By default, DMS Jupyter Notebook uses AnalyticDB Spark. You can also use open source Spark in a notebook.

Spark Magic allows you to run the magic command %%help to view the supported commands.

Note

Spark Magic is an extension of Jupyter Notebook.

Use AnalyticDB Spark

After you purchase an AnalyticDB cluster of Data Lakehouse Edition, create a resource group, and create a database account, you can use the commands described in the following table.

Command

Description

%%info

Views the AnalyticDB Spark configurations.

%%sql

Submits an SQL statement to AnalyticDB Spark.

Creates, reads, and writes C-Store tables. For more information, see Use Spark SQL to read and write C-Store tables.

%%spark

Submits Python code to AnalyticDB Spark.

Note

AnalyticDB Spark retains a new session for 20 minutes and deletes the session after it expires.

Upload and download files

You can use ossutil to upload and download datasets. For more information, see Configure ossutil.

Procedure

  1. Create a notebook.

    On the image tab, click image and select Notebook.

    image

  2. In the text field or code editor, enter content by using the SQL, Code, Markdown, or Raw syntax.

    Example: Use the Markdown syntax to enter a sentence that tells the engine the data that you want to query.

  3. Use Copilot to generate SQL statements.

  4. After you confirm that a generated SQL statement is correct, execute the SQL statement and view the generated result set.

    1. In the upper-right corner of the SQL statement section, click Execute Query.

      The SQL statement is automatically inserted into the document on the left.
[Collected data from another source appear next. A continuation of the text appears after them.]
(* Under the coupling $\bar\pi_{\Lambda_N}$ described in the context, $o\in\mathcal C^{\Lambda_N}$ only if $o$ is connected to $\partial\Lambda_N$ in $\mathcal C^{\Lambda_N}$, i.e. only if there is a nearest-neighbor path of vertices of $\mathcal C^{\Lambda_N}$ from $o$ to a vertex adjacent to $\partial\Lambda_N$.
   Context: Fix $\beta>0$ and a realization of the field $\{h_v\}$. $u\sim v$ if $|u-v|_1=1$; $\partial A=\{v\in\mathbb Z^2\setminus A:u\sim v\text{ for some }u\in A\}$; $\Lambda_N=\{v\in\mathbb Z^2:|v|_\infty\le N\}$; $o$ the origin. $\mu^{\Lambda_N,\pm}$ is the Ising measure on $\Lambda_N$ with weights $e^{-\beta H^{\Lambda_N,\pm}}$, $H^{\Lambda_N,\pm}(\sigma)=-\big(\sum_{u\sim v,\,u,v\in\Lambda_N}\sigma_u\sigma_v\pm\sum_{u\sim v,\,u\in\Lambda_N,v\in\partial\Lambda_N}\sigma_u+\sum_{u\in\Lambda_N}\sigma_uh_u\big)$. The coupling $\bar\pi_{\Lambda_N}$ of $(\sigma^{\Lambda_N,+},\sigma^{\Lambda_N,-})$ is built by sequentially sampling vertices: whenever a vertex $v$ is sampled, given the already-sampled set $V$ and spins on it, let $p_\pm=\mu^{\Lambda_N,\pm}(\sigma_v=1\mid\sigma^{\Lambda_N,\pm}_V)$; draw $U$ uniform on $[0,1]$ and set $\sigma^{\Lambda_N,\pm}_v=-1$ iff $U\le1-p_\pm$. The order of sampling is: $\mathcal C^{\Lambda_N}$ denotes the set of already-sampled $v$ with $\sigma^{\Lambda_N,+}_v>\sigma^{\Lambda_N,-}_v$; set $A_0=\partial\Lambda_N$; for $k=0,1,2,\ldots$, at stage $k+1$ set $A_{k+1}=\emptyset$; if $A_k=\emptyset$, sample all remaining unsampled vertices of $\Lambda_N$ in an arbitrary fixed order and stop; otherwise sample (in an arbitrary fixed order) all not-yet-sampled vertices of $\Lambda_N$ adjacent to $A_k$, and add each newly sampled vertex lying in $\mathcal C^{\Lambda_N}$ to $A_{k+1}$. At the end, $\mathcal C^{\Lambda_N}=\{v\in\Lambda_N:\sigma^{\Lambda_N,+}_v>\sigma^{\Lambda_N,-}_v\}$. *)

From HB Require Import structures.
From mathcomp Require Import all_boot all_order all_algebra.
From mathcomp Require Import mathcomp_extra boolp reals.
From mathcomp.analysis Require Import sequences exp.
Set Implicit Arguments. Unset Strict Implicit. Unset Printing Implicit Defensive.
Import Order.TTheory GRing.Theory Num.Theory.
Local Open Scope ring_scope.

Definition Z2 := (int * int)%type.

Definition adjZ (a b : Z2) : bool :=
  (absz (a.1 - b.1) + absz (a.2 - b.2) == 1)%N.

Definition nbrs4 (z : Z2) : seq Z2 :=
  [:: (z.1 + 1, z.2); (z.1 - 1, z.2); (z.1, z.2 + 1); (z.1, z.2 - 1)].

Definition inLam (N : nat) (z : Z2) : bool :=
  (`|z.1| <= N%:Z) && (`|z.2| <= N%:Z).

Definition bdry (N : nat) (z : Z2) : bool :=
  ~~ inLam N z && has (inLam N) (nbrs4 z).

(* Vertices of Lambda_N as a finite type: (i, j) represents (i - N, j - N). *)
Definition V (N : nat) := ('I_(2 * N).+1 * 'I_(2 * N).+1)%type.

Definition coord (N : nat) (v : V N) : Z2 :=
  ((v.1 : nat)%:Z - N%:Z, (v.2 : nat)%:Z - N%:Z).

Definition adj (N : nat) (u v : V N) : bool := adjZ (coord u) (coord v).

Definition adj_bdry (N : nat) (v : V N) : bool := has (bdry N) (nbrs4 (coord v)).

Definition origin (N : nat) : V N := (inord N, inord N).

Definition spin (R : realType) (b : bool) : R := if b then 1 else -1.

Section Ising.
Variables (R : realType) (beta : R) (h : Z2 -> R) (N : nat).

(* H^{Lambda_N, s}(sigma); s = true is the + boundary condition, s = false the - one.
   Spins: true = +1, false = -1. The sum over unordered adjacent pairs in Lambda_N
   is written as half the sum over ordered pairs. *)
Definition Ham (s : bool) (sigma : {ffun V N -> bool}) : R :=
  - ( 2^-1 * (\sum_(u : V N) \sum_(v : V N | adj u v) spin R (sigma u) * spin R (sigma v))
      + spin R s * (\sum_(u : V N) \sum_(z <- nbrs4 (coord u) | bdry N z) spin R (sigma u))
      + \sum_(u : V N) spin R (sigma u) * h (coord u)).

Definition weight (s : bool) (sigma : {ffun V N -> bool}) : R :=
  expR (- beta * Ham s sigma).

Definition wsum (s : bool) (P : pred {ffun V N -> bool}) : R :=
  \sum_(sigma : {ffun V N -> bool} | P sigma) weight s sigma.

Definition agree (Sv : {set V N}) (tau sigma : {ffun V N -> bool}) : bool :=
  [forall u in Sv, sigma u == tau u].

Definition condp (s : bool) (Sv : {set V N}) (tau : {ffun V N -> bool}) (v : V N) : R :=
  wsum s (fun sigma => agree Sv tau sigma && sigma v) / wsum s (agree Sv tau).

(* state: (sampled set, sigma^+, sigma^-) *)
Definition state := ({set V N} * {ffun V N -> bool} * {ffun V N -> bool})%type.

Definition sample1 (U : V N -> R) (st : state) (v : V N) : state :=
  let: (Sv, sp, sm) := st in
  let pp := condp true Sv sp v in
  let pm := condp false Sv sm v in
  (v |: Sv,
   [ffun x => if x == v then ~~ (U v <= 1 - pp) else sp x],
   [ffun x => if x == v then ~~ (U v <= 1 - pm) else sm x]).

Definition sample_seq (U : V N -> R) (st : state) (l : seq (V N)) : state :=
  foldl (sample1 U) st l.

Definition inC (st : state) (v : V N) : bool :=
  let: (Sv, sp, sm) := st in (v \in Sv) && sp v && ~~ sm v.

(* A_k is represented by [first] (true iff k = 0, i.e. A_0 = \partial Lambda_N)
   and a set A of vertices of Lambda_N (used for k >= 1). *)
Definition adjA (first : bool) (A : {set V N}) (v : V N) : bool :=
  if first then adj_bdry v else [exists u in A, adj u v].

(* Run the stages with fuel n; ord is the arbitrary fixed order.
   When A_k is empty (or the fuel runs out, which never happens for n large)
   all remaining vertices are sampled in the order ord. *)
Fixpoint stages (U : V N -> R) (ord : seq (V N)) (n : nat)
    (first : bool) (A : {set V N}) (st : state) : state :=
  let rest := [seq v <- ord | v \notin st.1.1] in
  match n with
  | 0 => sample_seq U st rest
  | n'.+1 =>
    if ~~ first && (A == set0) then sample_seq U st rest
    else
      let todo := [seq v <- ord | (v \notin st.1.1) && adjA first A v] in
      let st' := sample_seq U st todo in
      stages U ord n' false [set v in todo | inC st' v] st'
  end.

Definition init_state : state := (set0, [ffun => true], [ffun => true]).

Definition coupling (U : V N -> R) (ord : seq (V N)) : state :=
  stages U ord (#|{: V N}|.+2) true set0 init_state.

Definition Cset (U : V N -> R) (ord : seq (V N)) : pred (V N) :=
  fun v => let: (_, sp, sm) := coupling U ord in sp v && ~~ sm v.

End Ising.

From Pilot Require Import Defs.
From HB Require Import structures.
From mathcomp Require Import all_boot all_order all_algebra.
From mathcomp Require Import mathcomp_extra boolp reals.
From mathcomp.analysis Require Import sequences exp.
From mathcomp Require Import ring lra.
Import Order.TTheory GRing.Theory Num.Theory.
Local Open Scope ring_scope.
Set Implicit Arguments. Unset Strict Implicit. Unset Printing Implicit Defensive.

(* The + and - Boltzmann weights satisfy the lattice condition
   w+(x \/ y) w-(x /\ y) >= w+(x) w-(y), so by the Ahlswede-Daykin four
   functions theorem the conditional probability of a + spin under the +
   measure dominates the one under the - measure whenever the conditioning
   configurations are ordered; hence the coupling keeps sigma+ >= sigma-.
   While A_k is non-empty, every newly sampled vertex of C is adjacent to a
   vertex of A_k, so every vertex of C is joined inside C to a neighbour of the
   outer boundary.  Once A_k is empty, every sampled vertex with an unsampled
   neighbour carries equal spins and no unsampled vertex touches the outer
   boundary; the two Hamiltonians then differ by a constant on configurations
   extending the sampled ones (domain Markov property), so the remaining
   vertices receive equal spins and C does not grow. *)

(** * The four functions theorem *)

Section FourFunctions.
Variable R : realFieldType.

Lemma four_functions_two_point (a0 a1 b0 b1 c0 c1 d0 d1 : R) :
  0 <= a0 -> 0 <= a1 -> 0 <= b0 -> 0 <= b1 -> 0 <= c0 -> 0 <= c1 -> 0 <= d0 -> 0 <= d1 ->
  a0 * b0 <= c0 * d0 -> a0 * b1 <= c1 * d0 -> a1 * b0 <= c1 * d0 -> a1 * b1 <= c1 * d1 ->
  (a0 + a1) * (b0 + b1) <= (c0 + c1) * (d0 + d1).
Proof.
move=> ha0 ha1 hb0 hb1 hc0 hc1 hd0 hd1 h00 h01 h10 h11.
have hx : 0 <= c1 * d0 by apply: mulr_ge0.
suff cross : a0 * b1 + a1 * b0 <= c1 * d0 + c0 * d1.
  have -> : (a0 + a1) * (b0 + b1) = a0 * b0 + a1 * b1 + (a0 * b1 + a1 * b0) by ring.
  have -> : (c0 + c1) * (d0 + d1) = c0 * d0 + c1 * d1 + (c1 * d0 + c0 * d1) by ring.
  by apply: lerD => //; apply: lerD.
have [x0|xpos] := eqVneq (c1 * d0) 0.
  have e1 : a0 * b1 = 0 by apply/eqP; rewrite eq_le mulr_ge0 // andbT -x0.
  have e2 : a1 * b0 = 0 by apply/eqP; rewrite eq_le mulr_ge0 // andbT -x0.
  by rewrite e1 e2 x0 !add0r; apply: mulr_ge0.
have xp : 0 < c1 * d0 by rewrite lt_def xpos hx.
(* With x := c1 d0, y := c0 d1, p := a0 b1, q := a1 b0:
   (x - p) (x - q) >= 0 and p q <= x y give x (p + q) <= x (x + y). *)
have prod : (a0 * b1) * (a1 * b0) <= (c1 * d0) * (c0 * d1).
  have -> : (a0 * b1) * (a1 * b0) = (a0 * b0) * (a1 * b1) by ring.
  have -> : (c1 * d0) * (c0 * d1) = (c0 * d0) * (c1 * d1) by ring.
  by apply: ler_pM => //; apply: mulr_ge0.
have q : 0 <= (c1 * d0 - a0 * b1) * (c1 * d0 - a1 * b0).
  by apply: mulr_ge0; rewrite subr_ge0.
rewrite -(ler_pM2l xp); nra.
Qed.

Definition four_functions (X : finType) (join meet : X -> X -> X) : Prop :=
  forall f1 f2 f3 f4 : X -> R,
  (forall x, 0 <= f1 x) -> (forall x, 0 <= f2 x) ->
  (forall x, 0 <= f3 x) -> (forall x, 0 <= f4 x) ->
  (forall x y, f1 x * f2 y <= f3 (join x y) * f4 (meet x y)) ->
  (\sum_x f1 x) * (\sum_x f2 x) <= (\sum_x f3 x) * (\sum_x f4 x).

Lemma four_functions_bool : four_functions orb andb.
Proof.
move=> f1 f2 f3 f4 h1 h2 h3 h4 H; rewrite !big_bool.
have := four_functions_two_point (h1 false) (h1 true) (h2 false) (h2 true)
  (h3 false) (h3 true) (h4 false) (h4 true)
  (H false false) (H false true) (H true false) (H true true).
by rewrite /= !(addrC (_ true)).
Qed.

Lemma four_functions_prod (X Y : finType) joinX meetX joinY meetY :
  four_functions joinX meetX -> four_functions joinY meetY ->
  four_functions (fun p q : X * Y => (joinX p.1 q.1, joinY p.2 q.2))
                 (fun p q : X * Y => (meetX p.1 q.1, meetY p.2 q.2)).
Proof.
move=> FX FY f1 f2 f3 f4 h1 h2 h3 h4 H.
have sum_pair (f : X * Y -> R) : \sum_p f p = \sum_x \sum_y f (x, y).
  by rewrite pair_bigA; apply: eq_bigr => -[].
rewrite !sum_pair.
by apply: FX => [x|x|x|x|x x']; [exact: sumr_ge0..|apply: FY].
Qed.

Lemma four_functions_can (X Y : finType) joinX meetX joinY meetY
    (g : X -> Y) (g' : Y -> X) :
  cancel g g' -> cancel g' g ->
  {morph g : x y / joinX x y >-> joinY x y} ->
  {morph g : x y / meetX x y >-> meetY x y} ->
  four_functions joinY meetY -> four_functions joinX meetX.
Proof.
move=> gK g'K g_join g_meet FY f1 f2 f3 f4 h1 h2 h3 h4 H.
have g'_bij : {on [pred _ | true], bijective g'} by exists g => y _; rewrite ?g'K ?gK.
rewrite !(reindex g' g'_bij) /=.
apply: FY => // a b.
have g'_join : joinX (g' a) (g' b) = g' (joinY a b).
  by apply: (can_inj gK); rewrite g_join !g'K.
have g'_meet : meetX (g' a) (g' b) = g' (meetY a b).
  by apply: (can_inj gK); rewrite g_meet !g'K.
by rewrite -g'_join -g'_meet.
Qed.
The generated result set is displayed below the SQL statement.

      • Display the result set in a table.

        image

      • Display the result set in a chart.

        image

  5. After the SQL statement is executed, reference the result set in other SQL cells in the form of a variable. You can customize the name of the variable.

    image

  6. Predict the data change trend.

    1. Enter the command for installing the Python packages for machine learning and click the Run icon to install the packages. The following figure shows the sample code.

      image

    2. After the packages are installed, run Python code to predict the data change trend and display the change in a visual manner.

What to do next

Publish an AI agent

FAQ

Q: Which users can view documents generated in Notebook?

A: Only users of the same tenant who are members of the workspace can view documents generated in Notebook. If a user does not belong to the tenant that owns the workspace, add the user to the tenant and add the user as a member of the workspace.